# Direct Connect with dc_gui

## cr0nos

I just can`t get it to work. I try to connect to a server, and if I am lucky it says it couldn`t connect. Else it says nothing, and nothing appears in the connected section....

has anybody gotten it to work? how?

I think it might have something to do with my firewall.. will try to disable it.

----------

## doctorstrange

haven't emerged it yet, I intend to do it today, but from their website it looks that the stuff uses ports 411 and 412, so maybe you should enable those in your iptables script

----------

## doctorstrange

strange thing - when I tried to emerge dc-gui it turned out that it is gnome-dependent, and I do not want gnome; but I found another dc-gui on freshmeat which is based on QT and libxml2, so I downloaded and compiled that and it works fine under KDE3

----------

## cr0nos

What is the name?

I have tried a couple of qt based dc-guis, but none of them would compile  :Sad: 

----------

## lk42pro

since my school's internal file sharing server is based on DC i am gonna emerge dc-gui now and see if it works...

----------

## lk42pro

hmmm i am getting this error

Making all in src

make[2]: Entering directory `/var/tmp/portage/dc-gui-0.54/work/dc_gui-0.54/src'

gcc  -march=i686 -O3 -pipe -Wall -Wunused   -o dc_gui  main.o support.o interface.o callbacks.o gui_layout.o misc_gtk.o init_fnc.o do_connect.o dctc_process.o dctc_com.o str_array.o timed_out_string.o bookmark.o mini_db.o status.o bdb.o misc.o -rdynamic -L/usr/lib -L/usr/X11R6/lib -rdynamic -lgnomeui -lart_lgpl -lgdk_imlib -lSM -lICE -lgtk -lgdk -lgmodule -ldl -lXi -lXext -lX11 -lgnome -lgnomesupport -lesd -laudiofile -lm -ldb1 -lglib  -ldb-3.2

/usr/i686-pc-linux-gnu/bin/ld: cannot find -ldb1

collect2: ld returned 1 exit status

make[2]: *** [dc_gui] Error 1

make[2]: Leaving directory `/var/tmp/portage/dc-gui-0.54/work/dc_gui-0.54/src'

make[1]: *** [all-recursive] Error 1

make[1]: Leaving directory `/var/tmp/portage/dc-gui-0.54/work/dc_gui-0.54'

make: *** [all-recursive-am] Error 2

!!! ERROR: The ebuild did not complete successfully.

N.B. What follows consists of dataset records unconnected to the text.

Lemma periodic_mean_error N : (1 <= N)%nat ->
  Rabs (rsum N f / INR N - rsum P f / INR P) <= INR P * / INR N.
Proof.
  intros HN1.
  assert (HPr : 0 < INR P) by (apply lt_0_INR; lia).
  assert (HNr : 0 < INR N) by (apply lt_0_INR; lia).
  pose proof (Nat.div_mod N P ltac:(lia)) as E.
  assert (Hs : (N mod P < P)%nat) by (apply Nat.mod_upper_bound; lia).
  set (q := (N / P)%nat) in *; set (s := (N mod P)%nat) in *.
  set (S0 := rsum s (fun i => f (q * P + i)%nat)); set (R0 := rsum P f).
  assert (HR : rsum N f = INR q * R0 + S0)
    by (replace N with (q * P + s)%nat by lia; rewrite rsum_add, rsum_periodic; reflexivity).
  assert (HS0 : 0 <= S0 <= INR s) by (apply rsum_bounds; auto).
  assert (HR0 : 0 <= R0 <= INR P) by (apply rsum_bounds; auto).
  assert (HsP : INR s < INR P) by (apply lt_INR; auto).
  assert (HNq : INR N = INR q * INR P + INR s)
    by (rewrite <- mult_INR, <- plus_INR; f_equal; lia).
  assert (Hd : rsum N f / INR N - R0 / INR P = (S0 * INR P - INR s * R0) / (INR N * INR P))
    by (rewrite HR, HNq; field; lra).
  rewrite Hd, Rabs_div, (Rabs_pos_eq (INR N * INR P)) by nra.
  apply Rle_trans with ((INR P * INR P) / (INR N * INR P)).
  - apply Rmult_le_compat_r; [apply Rlt_le, Rinv_0_lt_compat; nra|].
    apply Rabs_le. split; nra.
  - right. field. lra.
Qed.

Lemma periodic_mean_lim : is_lim_seq (fun N => rsum N f / INR N) (rsum P f / INR P).
Proof.
  set (c := rsum P f / INR P).
  assert (Hinv : is_lim_seq (fun N => INR P * / INR N) 0).
  { replace (Finite 0) with (Rbar_mult (INR P) 0) by (simpl; f_equal; ring).
    apply is_lim_seq_scal_l. replace (Finite 0) with (Rbar_inv p_infty) by reflexivity.
    apply is_lim_seq_inv; [apply is_lim_seq_INR | discriminate]. }
  apply is_lim_seq_le_le_loc with (fun N => c - INR P * / INR N) (fun N => c + INR P * / INR N).
  - exists 1%nat. intros N HN. apply Rabs_le_between', periodic_mean_error; auto.
  - replace (Finite c) with (Rbar_minus c 0) by (simpl; f_equal; ring).
    apply is_lim_seq_minus'; [apply is_lim_seq_const | exact Hinv].
  - replace (Finite c) with (Rbar_plus c 0) by (simpl; f_equal; ring).
    apply is_lim_seq_plus'; [apply is_lim_seq_const | exact Hinv].
Qed.

End Periodic.

(** * Series, and sums over Z *)

Lemma is_series_rsum g (l : R) : is_series g l <-> is_lim_seq (fun n => rsum n g) l.
Proof.
  assert (E : forall n, rsum (S n) g = sum_n g n) by (intros; rewrite sum_n_rsum; reflexivity).
  change (is_series g l) with (is_lim_seq (sum_n g) l).
  rewrite (is_lim_seq_incr_1 (fun n => rsum n g)).
  split; apply is_lim_seq_ext; intros n; rewrite E; reflexivity.
Qed.

Lemma is_series_finite u N : (forall k, (N <= k)%nat -> u k = 0) -> is_series u (rsum N u).
Proof.
  intros H. apply is_series_rsum, is_lim_seq_ext_loc with (fun _ => rsum N u);
    [|apply is_lim_seq_const].
  exists N. intros n Hn. replace n with (N + (n - N))%nat by lia.
  rewrite rsum_add, (rsum_zero (n - N)) by (intros; apply H; lia). lra.
Qed.

Lemma is_series_zero u : (forall k, u k = 0) -> is_series u 0.
Proof. intros H. exact (is_series_finite u 0 (fun k _ => H k)). Qed.

Section Spread.

Variables (u g : nat -> R) (e C : nat).
Hypothesis HC : (1 <= C)%nat.
Hypothesis u_on : forall i, u (e + C * i)%nat = g i.
Hypothesis u_off : forall k, (forall i, k <> (e + C * i)%nat) -> u k = 0.

Lemma u_between i t : (0 < t < C)%nat -> u (e + C * i + t)%nat = 0.
Proof.
  intros Ht. apply u_off. intros i' E.
  destruct (Nat.le_gt_cases i' i);
    [|assert (C * S i <= C * i')%nat by (apply Nat.mul_le_mono_l; lia)]; nia.
Qed.
Lemma iarr_refl J x : x <= size J -> iarr J x x.
Proof. by move=> hx; split=> //; left. Qed.

Definition shr_steps (K J : interval) (f : nat -> nat) :=
  [/\ f 0 = 0, f (size K) = size J &
      forall x, x < size K -> f x.+1 = f x \/
        (f x.+1 = (f x).+1 /\ nth false J (f x) = nth false K x)].

Section ShrinkingSteps.
Variables (K J : interval) (f : nat -> nat).
Hypothesis hf : shr_steps K J f.

Lemma shr_steps_mono x y : x <= y -> y <= size K -> f x <= f y.
Proof.
case: (hf) => _ _ hs; elim: y => [|y IH]; first by rewrite leqn0 => /eqP->.
rewrite leq_eqVlt => /orP[/eqP-> //|hxy] hy.
by have := IH hxy (ltnW hy); case: (hs y hy) => [->|[-> _]]; lia.
Qed.

Lemma shr_steps_le x : x <= size K -> f x <= size J.
Proof. by move=> hx; case: (hf) => _ <- _; exact: shr_steps_mono. Qed.

Lemma shr_steps_iarr x y : iarr K x y -> iarr J (f x) (f y).
Proof.
case: (hf) => _ _ hs [hx hy [e|[[e hn]|[e hn]]]]; subst.
  exact: iarr_refl (shr_steps_le hy).
- split; [exact: shr_steps_le | exact: shr_steps_le |].
  by case: (hs x hy) => [->|[-> e]]; [left | right; left; rewrite e].
- split; [exact: shr_steps_le | exact: shr_steps_le |].
  by case: (hs y hx) => [->|[-> e]]; [left | right; right; rewrite e].
Qed.

Lemma shr_steps_surj y : y <= size J -> exists2 x, x <= size K & f x = y.
Proof.
case: (hf) => f0 fK hs hy.
have ex : exists x, (y <= f x) && (x <= size K) by exists (size K); rewrite fK hy leqnn.
case: (ex_minnP ex) => -[|x] /andP[h1 h2] hmin; first by exists 0; rewrite // f0 in h1 *; lia.
exists x.+1 => //.
have : ~~ ((y <= f x) && (x <= size K)) by apply/negP => /hmin; lia.
by rewrite (ltnW h2) andbT -ltnNge; case: (hs x h2) => [|[]]; lia.
Qed.

Lemma shrinking_of_steps : shrinking K J f.
Proof.
split; [exact: shr_steps_le | exact: shr_steps_iarr | exact: shr_steps_surj |].
exact: shr_steps_mono.
Qed.

Lemma shr_steps_rise x : x <= size K -> f x < size J ->
  exists w, [/\ x <= w, w < size K, f w = f x & f w.+1 = (f x).+1].
Proof.
case: (hf) => _ fK fs; move Ha: (f x) => a.
move Hd: (size K - x) => d; elim: d x Hd Ha => [|d IH] x Hd fx hx ha.
  have ex : x = size K by lia.
  by rewrite ex fK in fx; lia.
have hxK : x < size K by lia.
case: (fs x hxK) => [e|[e _]]; last by exists x; rewrite e fx.
case: (IH x.+1) => //; [lia | by rewrite e | move=> w [h1 h2 h3 h4]].
by exists w; split => //; lia.
Qed.

End ShrinkingSteps.

Lemma steps_of_shrinking K J f : shrinking K J f -> shr_steps K J f.
Proof.
case=> hb hm hs hmo.
have f0 : f 0 = 0 by case: (hs 0 (leq0n _)) => x hx e; have := hmo 0 x (leq0n _) hx; lia.
split => //.
  case: (hs (size J) (leqnn _)) => x hx e.
  by have := hmo x (size K) hx (leqnn _); have := hb _ (leqnn (size K)); lia.
move=> x hx; have mo := hmo x x.+1 (leqnSn _) hx.
case hn: (nth false K x).
  have : iarr K x x.+1 by split=> //; [exact: ltnW | right; left].
  by move/hm => [_ _ [->|[[-> e]|[e _]]]]; [left | right | lia].
have : iarr K x.+1 x by split=> //; [exact: ltnW | right; right; rewrite hn].
move/hm => [_ _ [->|[[e' e]|[-> e]]]]; [by left | lia |].
by right; split=> //; apply/negbTE.
Qed.

Lemma shr_steps_comp K J I f h :
  shr_steps K J f -> shr_steps J I h -> shr_steps K I (h \o f).
Proof.
move=> hf [h0 hJ hs]; case: (hf) => f0 fK fs.
split; [by rewrite /= f0 | by rewrite /= fK |].
move=> x hx; case: (fs x hx) => [/= ->|[e n]]; first by left.
have hlt : f x < size J by have := shr_steps_le hf hx; rewrite e.
rewrite /= e.
by case: (hs _ hlt) => [->|[-> n2]]; [left | right; rewrite n2 n].
Qed.

Lemma shr_steps_id J : shr_steps J J id.
Proof. by split=> // x _; right. Qed.

Lemma size_Iseq N eps : size (Iseq N eps) = N.
Proof. by rewrite size_map size_iota. Qed.

Lemma nth_Iseq N eps x : x < N ->
  nth false (Iseq N eps) x = (if eps then ~~ odd x else odd x).
Proof. by move=> hx; rewrite (nth_map 0) ?size_iota // nth_iota. Qed.

Lemma size_Jinf m : size (Jinf m) = m.+1.
Proof. exact: size_Iseq. Qed.

Lemma nth_Jinf m x : x <= m ->
  nth false (Jinf m) x = (if m %% 4 < 2 then ~~ odd x else odd x).
Proof. by move=> hx; rewrite /Jinf nth_Iseq. Qed.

!!! Function src_compile, Line 29, Exitcode 2

!!! (no error message)

!!! emerge aborting on  /usr/portage/net-misc/dc-gui/dc-gui-0.54.ebuild .

any ideas?

----------

## Guest

 *lk42pro wrote:*   

> hmmm i am getting this error
> 
> Making all in src
> 
> make[2]: Entering directory `/var/tmp/portage/dc-gui-0.54/work/dc_gui-0.54/src'
> ...

 

----------

## cr0nos

maybe untar manually and define where db (berkley db) is installed?

----------

## lk42pro

err forgot to sign in

----------

## moonlite

dc_gui is the gnomegui for dctc that can be downloaded from dctc's homepage...

dc-gui is another directconnectclient with a qt gui.

----------

## doctorstrange

 *moonlite wrote:*   

> dc_gui is the gnomegui for dctc that can be downloaded from dctc's homepage...
> 
> dc-gui is another directconnectclient with a qt gui.

 

Ah! That explains it. Thanks.

I have found dc-gui on freshmeat. Works fine.

----------